Re: Receiving hundreds of "CHECK_NRPE: Socket timeout after
Posted: Mon Sep 18, 2017 8:13 pm
by dwhitfield
mrussi wrote: BRAVO, with the exact same physical server
I'm assuming so based on the OS below in the post where you say the above, but can you clarify that the OS install is also the same? You asked specifically if there was an OS setting, so that's why I'm going there.
Also...that's an absolute ton of checks. I am not at all surprised that you have issues with that many *active* checks. Have you considered just having two servers at the ALPHA location?

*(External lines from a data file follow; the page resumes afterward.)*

Lemma TZgen_dilate (S G : FA -> Prop) :
  (forall s, S s -> TZgen G (dilate s)) -> forall g, TZgen S g -> TZgen G (dilate g).
Proof.
move=> SG g Sg; apply: (Sg (fun h => TZgen G (dilate h))) SG.
have [G0 GD GZ GM Gsubst] := TZgen_is_TZideal G.
split.
- by rewrite dilate0.
- by move=> p q hp hq; rewrite dilateD; apply: GD.
- by move=> c p hp; rewrite dilateZ; apply: GZ.
- by move=> p h hp; rewrite !dilate_mul; apply: GM.
- move=> sigma p hsigma hp; rewrite dilate_subst.
  by apply: Gsubst => //; apply: graded_dilate_endo.
Qed.

End Dilate.

Section CountBelow.
Variable P : pred nat.

Definition count_lt n := count P (iota 0 n).

Lemma count_ltS n : count_lt n.+1 = (count_lt n + P n)%N.
Proof. by rewrite /count_lt -addn1 iotaD count_cat /= addn0. Qed.

Lemma leq_count_lt m n : (m <= n)%N -> (count_lt m <= count_lt n)%N.
Proof.
move=> /subnKC <-; elim: (n - m)%N => [|k IH]; first by rewrite addn0.
by rewrite addnS count_ltS (leq_trans IH) // leq_addr.
Qed.

Lemma count_lt_ltn i j : (i < j)%N -> P i -> (count_lt i < count_lt j)%N.
Proof.
move=> lt_ij Pi; apply: (@leq_trans (count_lt i.+1)); last exact: leq_count_lt.
by rewrite count_ltS Pi addn1.
Qed.

Lemma count_lt_attained r M : (r < count_lt M)%N -> exists2 m, P m & count_lt m = r.
Proof.
elim: M => [|M IH] //; rewrite count_ltS.
have [lt_r|le_r] := ltnP r (count_lt M); first by move=> _; apply: IH.
case PM: (P M) => /= lt_r'; last by lia.
by exists M => //; lia.
Qed.

Lemma count_lt_le_size (s : seq nat) n : (forall i, P i -> i \in s) ->
  (count_lt n <= size s)%N.
Proof.
move=> Ps; rewrite /count_lt -size_filter; apply: uniq_leq_size.
  exact/filter_uniq/iota_uniq.
by move=> x; rewrite mem_filter => /andP [/Ps].
Qed.

Lemma count_lt_ge_size (s : seq nat) : uniq s -> (forall i, i \in s -> P i) ->
  exists M, (size s <= count_lt M)%N.
Proof.
move=> uniq_s sP; exists (sumn s).+1; rewrite /count_lt -size_filter.
apply: uniq_leq_size => // x xs; rewrite mem_filter sP // mem_iota add0n ltnS /=.
elim: s {uniq_s sP} xs => [|y s IH] //=; rewrite inE => /orP [/eqP ->|/IH].
  exact: leq_addr.
by move=> le_x; apply: leq_trans le_x (leq_addl _ _).
Qed.

Lemma count_lt_unbounded : (forall N, exists i, (N <= i)%N /\ P i) ->
  forall r, exists M, (r < count_lt M)%N.
Proof.
move=> Pinf; elim=> [|r [M ltrM]].
  by have [m [_ Pm]] := Pinf 0%N; exists m.+1; rewrite count_ltS Pm addn1.
have [m [leMm Pm]] := Pinf M; exists m.+1; rewrite count_ltS Pm addn1 ltnS.
exact: leq_trans ltrM (leq_count_lt leMm).
Qed.

End CountBelow.

Lemma eq_has_card (P Q : nat -> Prop) v :
  (forall i, P i <-> Q i) -> has_card P v -> has_card Q v.
Proof.
move=> PQ; case: v => [k [s [uniq_s size_s Ps]]|Pinf N].
  by exists s; split => // i; rewrite -PQ.
by have [i [leNi /PQ Qi]] := Pinf N; exists i.
Qed.

Lemma has_card_count_lt (P Q : pred nat) v i :
  has_card (fun j => P j) v -> has_card (fun j => Q j) v -> P i ->
  exists M, (count_lt P i < count_lt Q M)%N.
Proof.
case: v => [k [s [uniq_s size_s Ps]] [t [uniq_t size_t Qt]]|Pinf Qinf] Pi.
  have [M leM] := @count_lt_ge_size Q t uniq_t (fun m => (Qt m).2).
  exists M; apply: leq_trans leM; rewrite size_t -size_s.
  by have := @count_lt_le_size P s i.+1 (fun j => (Ps j).1); rewrite count_ltS Pi addn1.
exact: count_lt_unbounded.
Qed.

(* [pi i] is the element of the target class whose rank in its class is the
   rank of [i] in its own class. *)
Lemma exists_class_injection (deg1 deg2 : nat -> int) (f : int -> int) :
  (forall i j, f (deg1 i) = f (deg1 j) -> deg1 i = deg1 j) ->
  (forall i, exists v, has_card (fun j => deg1 j = deg1 i) v /\
                       has_card (fun m => deg2 m = f (deg1 i)) v) ->
  exists2 pi : nat -> nat, injective pi & forall i, deg2 (pi i) = f (deg1 i).
Proof.
move=> f_inj hcard.
pose P i := [pred j | deg1 j == deg1 i].
pose Q i := [pred m | deg2 m == f (deg1 i)].
have rank_match i : exists m, Q i m && (count_lt (Q i) m == count_lt (P i) i).
  have [v [hP hQ]] := hcard i.
  have hP' : has_card (fun j => P i j) v by apply: eq_has_card hP => j; split => /eqP.
  have hQ' : has_card (fun m => Q i m) v by apply: eq_has_card hQ => m; split => /eqP.
  have [M ltM] := has_card_count_lt hP' hQ' (eqxx (deg1 i)).
  by have [m Qm rankm] := count_lt_attained ltM; exists m; rewrite Qm rankm eqxx.
exists (fun i => ex_minn (rank_match i)); last first.
  by move=> i; case: ex_minnP => m /andP [/eqP -> _].
move=> i j; case: ex_minnP => m /andP [Qim /eqP rank_i] _.
case: ex_minnP => m' /andP [Qjm /eqP rank_j] _ eq_mm'; subst m'.
have deg_ij : deg1 i = deg1 j by apply: f_inj; rewrite -(eqP Qim) (eqP Qjm).
have eQ : Q j = Q i by rewrite /Q deg_ij.
have eP : P j = P i by rewrite /P deg_ij.
move: rank_j; rewrite eQ eP rank_i => eq_rank.
have Pii : P i i by rewrite /=.
have Pij : P i j by rewrite /= deg_ij.
case: (ltngtP i j) => // [lt_ij|lt_ji].
  by have := count_lt_ltn lt_ij Pii; rewrite eq_rank ltnn.
by have := count_lt_ltn lt_ji Pij; rewrite eq_rank ltnn.
Qed.

Lemma grading3_injection (f : int -> int) r1 r2 r3 v1 v2 v3 (deg1 deg2 : nat -> int) :
  {in [:: r1; r2; r3] &, injective f} ->
  is_grading3 r1 r2 r3 v1 v2 v3 deg1 ->
  is_grading3 (f r1) (f r2) (f r3) v1 v2 v3 deg2 ->
  exists2 pi : nat -> nat, injective pi & forall i, deg2 (pi i) = f (deg1 i).
Proof.
move=> f_inj [deg1E c1 c2 c3] [_ c1' c2' c3'].
have deg1_in i : deg1 i \in [:: r1; r2; r3].
  by case: (deg1E i) => [->|[->|->]]; rewrite !inE eqxx ?orbT.
apply: exists_class_injection => [i j|i]; first exact: f_inj.
by case: (deg1E i) => [->|[->|->]]; eexists; split; eassumption.
Qed.

Lemma grading3_dvd (d : int) r1 r2 r3 v1 v2 v3 (deg : nat -> int) :
  is_grading3 (d * r1) (d * r2) (d * r3) v1 v2 v3 deg -> forall i, (d %| deg i)%Z.
Proof. by case=> degE _ _ _ i; case: (degE i) => [->|[->|->]]; apply: dvdz_mulr. Qed.

Section Transfer.
Variables (F : fieldType) (d : int) (deg deg' : nat -> int).
Hypothesis d_neq0 : d != 0.

Lemma TZ_E_dilate (pi : nat -> nat) : injective pi ->
  (forall s, deg s = d * deg' (pi s)) ->
  forall f : FA F int, TZ_E deg' f -> TZ_E deg (dilate d f).
Proof.
move=> pi_inj hpi f hf b hb; rewrite evalE_dilate; apply: (relabel_eq0 pi_inj).
rewrite (relabel_evalE pi_inj); apply: hf => i n.
apply: (relabel_homog pi_inj (c := d) (c' := 1) (g := d * n)) => //.
- by move=> s; rewrite mul1r hpi.
- by rewrite mul1r.
Qed.

Lemma TZ_E_undilate (pi : nat -> nat) : injective pi ->
  (forall s, deg (pi s) = d * deg' s) ->
  forall g : FA F int, TZ_E deg (dilate d g) -> TZ_E deg' g.
Proof.
move=> pi_inj hpi g hg a ha; apply: (relabel_eq0 pi_inj); rewrite (relabel_evalE pi_inj).
pose b i m := if (d %| m)%Z then relabel pi (a i (m %/ d)%Z) else 0.
have hb i m : ghomog deg m (b i m).
  rewrite /b; case: ifP => [dvd_m|_]; last exact: homog0.
  apply: (relabel_homog pi_inj (c := 1) (c' := d) (g := (m %/ d)%Z)) => //.
  - by move=> s; rewrite mul1r hpi.
  - by rewrite mul1r mulrC divzK.
rewrite -(hg b hb) evalE_dilate; apply: eq_evalE => i n.
by rewrite /b dvdz_mulr ?dvdzz // mulKz.
Qed.

Lemma TZ_E_dilateE r1 r2 r3 v1 v2 v3 :
  is_grading3 r1 r2 r3 v1 v2 v3 deg' ->
  is_grading3 (d * r1) (d * r2) (d * r3) v1 v2 v3 deg ->
  forall g : FA F int, TZ_E deg (dilate d g) <-> TZ_E deg' g.
Proof.
move=> hdeg' hdeg g.
have [pi1 pi1_inj hpi1] := grading3_injection (in2W (mulfI d_neq0)) hdeg' hdeg.
have hdeg_div : is_grading3 ((d * r1) %/ d)%Z ((d * r2) %/ d)%Z ((d * r3) %/ d)%Z
    v1 v2 v3 deg' by rewrite !mulKz.
have div_inj : {in [seq d * r | r <- [:: r1; r2; r3]] &, injective (fun r => (r %/ d)%Z)}.
  by move=> x y /mapP[r _ ->] /mapP[r' _ ->]; rewrite !mulKz // => ->.
have [pi2 pi2_inj hpi2] := grading3_injection div_inj hdeg hdeg_div.
split; first exact: TZ_E_undilate pi1_inj hpi1 g.
by apply: TZ_E_dilate pi2_inj _ g => s; rewrite hpi2 mulrC divzK // (grading3_dvd hdeg).
Qed.

Lemma TZ_E_var_nondvd i m : (forall i, (d %| deg i)%Z) -> ~~ (d %| m)%Z ->
  TZ_E deg (favar i m : FA F int).
Proof.
move=> dvd_deg ndvd_m a ha; rewrite evalE_var; apply: homog_eq0 (ha i m) => S.
by apply: contraNneq ndvd_m => <-; apply: dvdz_gdegS.
Qed.
Definition dihedral_walk w (p : 'I_n.+3 * bool) : walk :=
  if p.2 then rot_walk p.1 w else rev_walk p.1 w.

Lemma dihedral_walk_inj w : injective w -> injective (dihedral_walk w).
Proof.
move=> w_inj [i b] [j c] /ffunP E.
have /w_inj Eij : w i = w j.
  by move: (E 0); case: b c {E} => [] [] /=; rewrite !ffunE ?addr0 ?subr0.
have one_neqN1 : (1 == -1 :> 'I_n.+3) = false by rewrite -addr_eq0.
subst j; congr pair; move: (E 1).
by case: b c {E} => [] [] //=; rewrite !ffunE => /w_inj /eqP;
  rewrite (inj_eq (addrI i)) ?one_neqN1 // eq_sym one_neqN1.
Qed.

Lemma cycle_walks_same_edges w0 : cycle_walk H w0 ->
  [set w : walk | cycle_walk H w & walk_edges w == walk_edges w0]
    = dihedral_walk w0 @: setT.
Proof.
move=> c0; apply/setP => w; rewrite inE.
apply/andP/imsetP => [[cw /eqP Ew] | [[i b] _ ->]]; last first.
  by case: b; rewrite /= ?cycle_walk_rot ?cycle_walk_rev
    ?walk_edges_rot ?walk_edges_rev.
have /cycle_walkP[_ w_inj] := cw.
have : walk_edge w 0 \in walk_edges w0 by rewrite -Ew imset_f.
case/imsetP => m _ /doubleton_eq [].
- by rewrite (inj_eq w_inj) eq_sym ordS_neq.
- case=> E0 E1; exists (m, true) => //=.
  apply: (cycle_walk_eq cw (cycle_walk_rot m c0)); rewrite ?walk_edges_rot //.
    by rewrite ffunE addr0.
  by rewrite ffunE -ordS_addr1 -[1]add0r -ordS_addr1.
- case=> E0 E1; exists (ordS m, false) => //=.
  apply: (cycle_walk_eq cw (cycle_walk_rev _ c0)); rewrite ?walk_edges_rev //.
    by rewrite ffunE subr0.
  by rewrite ffunE ordS_addr1 addrK -[1]add0r -ordS_addr1.
Qed.

Lemma card_cycle_walks_same_edges w0 : cycle_walk H w0 ->
  #|[set w : walk | cycle_walk H w & walk_edges w == walk_edges w0]| = (2 * n.+3)%N.
Proof.
move=> c0; have /cycle_walkP[_ w0_inj] := c0.
rewrite cycle_walks_same_edges // card_imset; last exact: dihedral_walk_inj.
by rewrite cardsT card_prod card_ord card_bool mulnC.
Qed.

Lemma card_cycle_walks :
  #|[set w : walk | cycle_walk H w]| = (#|kcycles H n.+3| * (2 * n.+3))%N.
Proof.
rewrite kcycles_walk_edges -sum1_card (partition_big_imset walk_edges) /=.
rewrite -sum_nat_const; apply: eq_bigr => _ /imsetP[w0 c0 ->].
rewrite inE in c0; rewrite -(card_cycle_walks_same_edges c0) -sum1_card.
by apply: eq_bigl => w; rewrite !inE.
Qed.
(* Let $f$ be the two-layer network below with scaling $b>0$ and let $R>0$. Let $x_1,\dots,x_T\in\mathbb{S}_p$ and let $\ell_1,\dots,\ell_T:\mathbb{R}^d\to\mathbb{R}$ be convex, differentiable and $L$-Lipschitz, and write $\ell_t(\theta)=\ell_t(f(\theta;x_t))$. Then Algorithm 1 with step sizes $\eta_t=\frac{2Rb}{CL\sqrt m}\,t^{-1/2}$ satisfies $$\sum_{t=1}^T\ell_t(\theta_t)\le\min_{\theta\in B(R)}\sum_{t=1}^T\ell_t(\theta)+\frac{3CLR\sqrt{mT}}{b}+\frac{2CLR^2}{b}T.$$
   Context: Let $p,d\ge1$, $m$ an even positive integer, $b>0$, $C>0$, and $\mathbb{S}_p=\{x\in\mathbb{R}^p:\|x\|_2=1\}$. Let $\sigma:\mathbb{R}\to\mathbb{R}$ be differentiable with $|\sigma'(z)-\sigma'(z')|\le C|z-z'|$ and $|\sigma'(z)|\le C$ for all $z,z'$. Parameters are $\theta=(\theta[1],\dots,\theta[d])\in\mathbb{R}^{d\times m\times p}$, where $\theta[i]\in\mathbb{R}^{m\times p}$ has rows $\theta[i,1]^\top,\dots,\theta[i,m/2]^\top,\bar\theta[i,1]^\top,\dots,\bar\theta[i,m/2]^\top$. The two-layer network is $f(\theta;x)=(f_1(\theta[1];x),\dots,f_d(\theta[d];x))^\top$ with $f_i(\theta[i];x)=\frac1b\big(\sum_{r=1}^{m/2}a_{i,r}\sigma(\theta[i,r]^\top x)+\sum_{r=1}^{m/2}\bar a_{i,r}\sigma(\bar\theta[i,r]^\top x)\big)$, where the $a_{i,r}$ are independent uniform signs in $\{\pm1\}$ and $\bar a_{i,r}=-a_{i,r}$, fixed (not trained). The random initialization $\theta_1$ has $\theta_1[i,r]\sim\mathcal N(0,I_p)$ i.i.d. for $r\le m/2$ and $\bar\theta_1[i,r]=\theta_1[i,r]$. $B(R)=\{\theta:\|\theta-\theta_1\|_F\le R\}$. Algorithm 1 (OGD for neural networks): start at $\theta_1$; at round $t$ play $\theta_t$, receive $x_t$ and $\ell_t$, and update $\theta_{t+1}=\Pi_{B(R)}(\theta_t-\eta_t\nabla_\theta\ell_t(f(\theta_t;x_t)))$, where $\Pi_{B(R)}$ is Frobenius-norm projection onto $B(R)$. *)

From HB Require Import structures.
From mathcomp Require Import all_boot all_order all_algebra.
From mathcomp Require Import all_classical all_reals all_analysis.
Set Implicit Arguments. Unset Strict Implicit. Unset Printing Implicit Defensive.
Import Order.TTheory GRing.Theory Num.Theory.
Import numFieldNormedType.Exports.
Local Open Scope ring_scope.

(* Parameters theta in R^{d x m x p}: theta i r k = k-th coordinate of the
   r-th row of theta[i].  Rows r < m/2 are theta[i,r], rows m/2 + r are
   bar-theta[i,r]. *)
Definition param (R : realType) (d m p : nat) := 'I_d -> 'I_m -> 'I_p -> R.

Definition eucl (R : realType) (d : nat) (y : 'rV[R]_d) : R :=
  Num.sqrt (\sum_(i < d) (y ord0 i) ^+ 2).

Definition frob (R : realType) (d m p : nat) (th : param R d m p) : R :=
  Num.sqrt (\sum_(i < d) \sum_(r < m) \sum_(k < p) (th i r k) ^+ 2).

Definition psub (R : realType) (d m p : nat) (th th' : param R d m p)
  : param R d m p := fun i r k => th i r k - th' i r k.

Definition pstep (R : realType) (d m p : nat) (th : param R d m p) (eta : R)
  (g : param R d m p) : param R d m p := fun i r k => th i r k - eta * g i r k.

Definition inBall (R : realType) (d m p : nat) (th1 : param R d m p) (Rad : R)
  (th : param R d m p) : Prop := frob (psub th th1) <= Rad.

Definition is_proj (R : realType) (d m p : nat) (th1 : param R d m p) (Rad : R)
  (y q : param R d m p) : Prop :=
  inBall th1 Rad q /\
  forall z, inBall th1 Rad z -> frob (psub y q) <= frob (psub y z).

(* The two-layer network f(theta; x) in R^d.  The sign a i r for r >= m/2 is
   bar-a = - a (enforced by hypothesis in the theorem). *)
Definition net (R : realType) (d m p : nat) (sigma : R -> R) (b : R)
  (a : 'I_d -> 'I_m -> R) (th : param R d m p) (x : 'I_p -> R) : 'rV[R]_d :=
  \row_(i < d) (b^-1 * \sum_(r < m) a i r * sigma (\sum_(k < p) th i r k * x k)).

Definition pupd (R : realType) (d m p : nat) (th : param R d m p)
  (i : 'I_d) (r : 'I_m) (k : 'I_p) (s : R) : param R d m p :=
  fun i' r' k' => if (i' == i) && (r' == r) && (k' == k)
                  then th i' r' k' + s else th i' r' k'.

Definition pgrad (R : realType) (d m p : nat) (F : param R d m p -> R)
  (th : param R d m p) : param R d m p :=
  fun i r k => derive1 (fun s => F (pupd th i r k s)) 0.

Definition convex_fun (R : realType) (d : nat) (l : 'rV[R]_d -> R) : Prop :=
  forall (y1 y2 : 'rV[R]_d) (t : R), 0 <= t <= 1 ->
    l (t *: y1 + (1 - t) *: y2) <= t * l y1 + (1 - t) * l y2.

Definition lipschitz_eucl (R : realType) (d : nat) (L : R) (l : 'rV[R]_d -> R)
  : Prop := forall y1 y2 : 'rV[R]_d, `|l y1 - l y2| <= L * eucl (y1 - y2).

(* Convexity of the loss and a second-order Taylor bound for [sigma] ([sigma'] is
   [C]-Lipschitz) give, for every [th] in the ball,
     l_t(th_t) - l_t(th) <= <grad l_t(th_t), th_t - th> + C L / (2 b) |th_t - th|^2,
   and the quadratic term is at most 2 C L R^2 / b since the ball has diameter 2 R.
   The linear terms are bounded by the projected online-gradient-descent argument:
   the projection is non-expansive, the gradients have Frobenius norm at most
   G = C L sqrt m / b, and the steps K / sqrt t give a linear regret of at most
   2 R^2 sqrt T / K + K G^2 sqrt T = 3 C L R sqrt (m T) / b. *)

From HB Require Import structures.
From mathcomp Require Import all_boot all_order all_algebra.
From mathcomp Require Import all_classical all_reals all_analysis.
From mathcomp Require Import ring lra.
Import Order.TTheory GRing.Theory Num.Theory.
Import numFieldNormedType.Exports.
Local Open Scope ring_scope.
Set Implicit Arguments. Unset Strict Implicit. Unset Printing Implicit Defensive.

Section ParamSums.
Variables (R : realType) (d m p : nat).
Implicit Types (F G : 'I_d -> 'I_m -> 'I_p -> R) (u v g z : param R d m p).

Definition psum F : R := \sum_(i < d) \sum_(r < m) \sum_(k < p) F i r k.

Definition pdot u v : R := psum (fun i r k => u i r k * v i r k).

Definition pnorm2 u : R := psum (fun i r k => u i r k ^+ 2).

Lemma eq_psum F G : (forall i r k, F i r k = G i r k) -> psum F = psum G.
Proof.
by move=> FG; apply: eq_bigr => i _; apply: eq_bigr => r _; apply: eq_bigr.
Qed.

Lemma ler_psum F G : (forall i r k, F i r k <= G i r k) -> psum F <= psum G.
Proof.
by move=> FG; apply: ler_sum => i _; apply: ler_sum => r _; apply: ler_sum.
Qed.

Lemma psumD F G : psum (fun i r k => F i r k + G i r k) = psum F + psum G.
Proof.
rewrite /psum -big_split; apply: eq_bigr => i _.
rewrite -big_split; apply: eq_bigr => r _; exact: big_split.
Qed.

Lemma psumZ (c : R) F : psum (fun i r k => c * F i r k) = c * psum F.
Proof.
rewrite /psum mulr_sumr; apply: eq_bigr => i _.
by rewrite mulr_sumr; apply: eq_bigr => r _; rewrite mulr_sumr.
Qed.

Lemma pnorm2_ge0 u : 0 <= pnorm2 u.
Proof.
by apply: sumr_ge0 => i _; apply: sumr_ge0 => r _; apply: sumr_ge0 => k _; exact: sqr_ge0.
Qed.

Lemma frob_le u v : (frob u <= frob v) = (pnorm2 u <= pnorm2 v).
Proof. by rewrite ler_sqrt // pnorm2_ge0. Qed.

Lemma frob_le_rad u (Rad : R) : 0 <= Rad -> (frob u <= Rad) = (pnorm2 u <= Rad ^+ 2).
Proof. by move=> Rad0; rewrite -[in RHS]ler_sqrt ?sqr_ge0 // sqrtr_sqr ger0_norm. Qed.

Lemma pnorm2_pstep u (e : R) g z :
  pnorm2 (psub (pstep u e g) z) =
  pnorm2 (psub u z) + (- 2 * e) * pdot g (psub u z) + e ^+ 2 * pnorm2 g.
Proof.
by rewrite /pnorm2 /pdot -!psumZ -!psumD; apply: eq_psum => i r k; rewrite /psub /pstep; ring.
Qed.

End ParamSums.

Lemma ler0_of_forall_scaled (R : realType) (A B : R) : 0 <= B ->
  (forall s, 0 < s -> s <= 1 -> 2 * A <= s * B) -> A <= 0.
Proof.
move=> B0 H; rewrite leNgt; apply/negP => A0.
have AB0 : 0 < A + B by lra.
have s0 : 0 < A / (A + B) by rewrite divr_gt0.
have s1 : A / (A + B) <= 1 by rewrite ler_pdivrMr // mul1r; lra.
have := H _ s0 s1.
have : A / (A + B) * B <= A by rewrite mulrAC ler_pdivrMr //; nra.
lra.
Qed.

Section Ball.
Variables (R : realType) (d m p : nat) (th1 : param R d m p) (Rad : R).
Hypothesis Rad_ge0 : 0 <= Rad.
Implicit Types (u v y q z : param R d m p).

Lemma inBallE u : inBall th1 Rad u = (pnorm2 (psub u th1) <= Rad ^+ 2).
Proof. by rewrite /inBall frob_le_rad. Qed.

Lemma inBall_center : inBall th1 Rad th1.
Proof.
rewrite inBallE /pnorm2 /psum big1 ?sqr_ge0 // => i _; rewrite big1 // => r _.
by rewrite big1 // => k _; rewrite /psub subrr expr2 mulr0.
Qed.

Lemma inBall_segment u v (s : R) : 0 <= s -> s <= 1 ->
  inBall th1 Rad u -> inBall th1 Rad v ->
  inBall th1 Rad (fun i r k => u i r k + s * (v i r k - u i r k)).
Proof.
move=> s0 s1; rewrite !inBallE => uB vB.
have convex_sq (A B : R) : ((1 - s) * A + s * B) ^+ 2 <= (1 - s) * A ^+ 2 + s * B ^+ 2.
  have : 0 <= s * (1 - s) * (A - B) ^+ 2 by rewrite mulr_ge0 ?sqr_ge0 ?mulr_ge0 ?subr_ge0.
  nra.
apply: le_trans (_ : (1 - s) * pnorm2 (psub u th1) + s * pnorm2 (psub v th1) <= _).
  rewrite /pnorm2 -!psumZ -psumD; apply: ler_psum => i r k; rewrite /psub.
  by rewrite (_ : _ - _ = (1 - s) * (u i r k - th1 i r k) + s * (v i r k - th1 i r k)) //; ring.
have -> : Rad ^+ 2 = (1 - s) * Rad ^+ 2 + s * Rad ^+ 2 by ring.
by rewrite lerD // ler_wpM2l // subr_ge0.
Qed.

Lemma pnorm2_sub_inBall u v : inBall th1 Rad u -> inBall th1 Rad v ->
  pnorm2 (psub u v) <= 4 * Rad ^+ 2.
Proof.
rewrite !inBallE => uB vB.
apply: le_trans (_ : 2 * pnorm2 (psub u th1) + 2 * pnorm2 (psub v th1) <= _); last lra.
rewrite /pnorm2 -!psumZ -psumD; apply: ler_psum => i r k; rewrite /psub.
have := sqr_ge0 (u i r k + v i r k - 2 * th1 i r k); nra.
Qed.

Lemma is_proj_obtuse y q z : is_proj th1 Rad y q -> inBall th1 Rad z ->
  pdot (psub y q) (psub z q) <= 0.
Proof.
move=> [qB qmin] zB; apply: (@ler0_of_forall_scaled _ _ (pnorm2 (psub z q))).
  exact: pnorm2_ge0.
move=> s s0 s1; have sB := inBall_segment (ltW s0) s1 qB zB.
have := qmin _ sB; rewrite frob_le.
set w := fun i r k => _.
have -> : pnorm2 (psub y w) =
    pnorm2 (psub y q) + (- 2 * s) * pdot (psub y q) (psub z q) + s ^+ 2 * pnorm2 (psub z q).
  by rewrite /pnorm2 /pdot -!psumZ -!psumD; apply: eq_psum => i r k; rewrite /psub /w; ring.
have := pnorm2_ge0 (psub z q); rewrite expr2; nra.
Qed.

Re: Receiving hundreds of "CHECK_NRPE: Socket timeout after
Posted: Tue Sep 19, 2017 4:07 pm
by mrussi
dwhitfield wrote:I'm assuming so based on the OS below in the post where you say the above, but can you clarify that the OS install is also the same? You asked specifically if there was an OS setting, so that's why I'm going there.
Also...that's an absolute ton of checks. I am not at all surprised that you have issues with that many *active* checks. Have you considered just having two servers at the ALPHA location?
Hey @dwhitfield, yes, they're the exact same OS installation.
Ha! You are not alone in thinking that. The majority of these checks have been around for 5+ years which I inherited.
We have considered splitting the services up between multiple servers recently, but it introduces a significant amount of complexity to the way we handle auto-discovery of our nodes/services. We wanted to first see if there was some tweaking that we could perform on the Nagios side to help it vertically scale up since the HW is there.
For the interim, we're going to revisit some of the older checks and see if we can remove any of them. We may have to consider alternative options though.
Re: Receiving hundreds of "CHECK_NRPE: Socket timeout after
Posted: Tue Sep 19, 2017 4:22 pm
by dwhitfield
mrussi wrote:We may have to consider alternative options though.
One would be to just not check them as often. I know there's not always wiggle room for that in organizations, but if there is.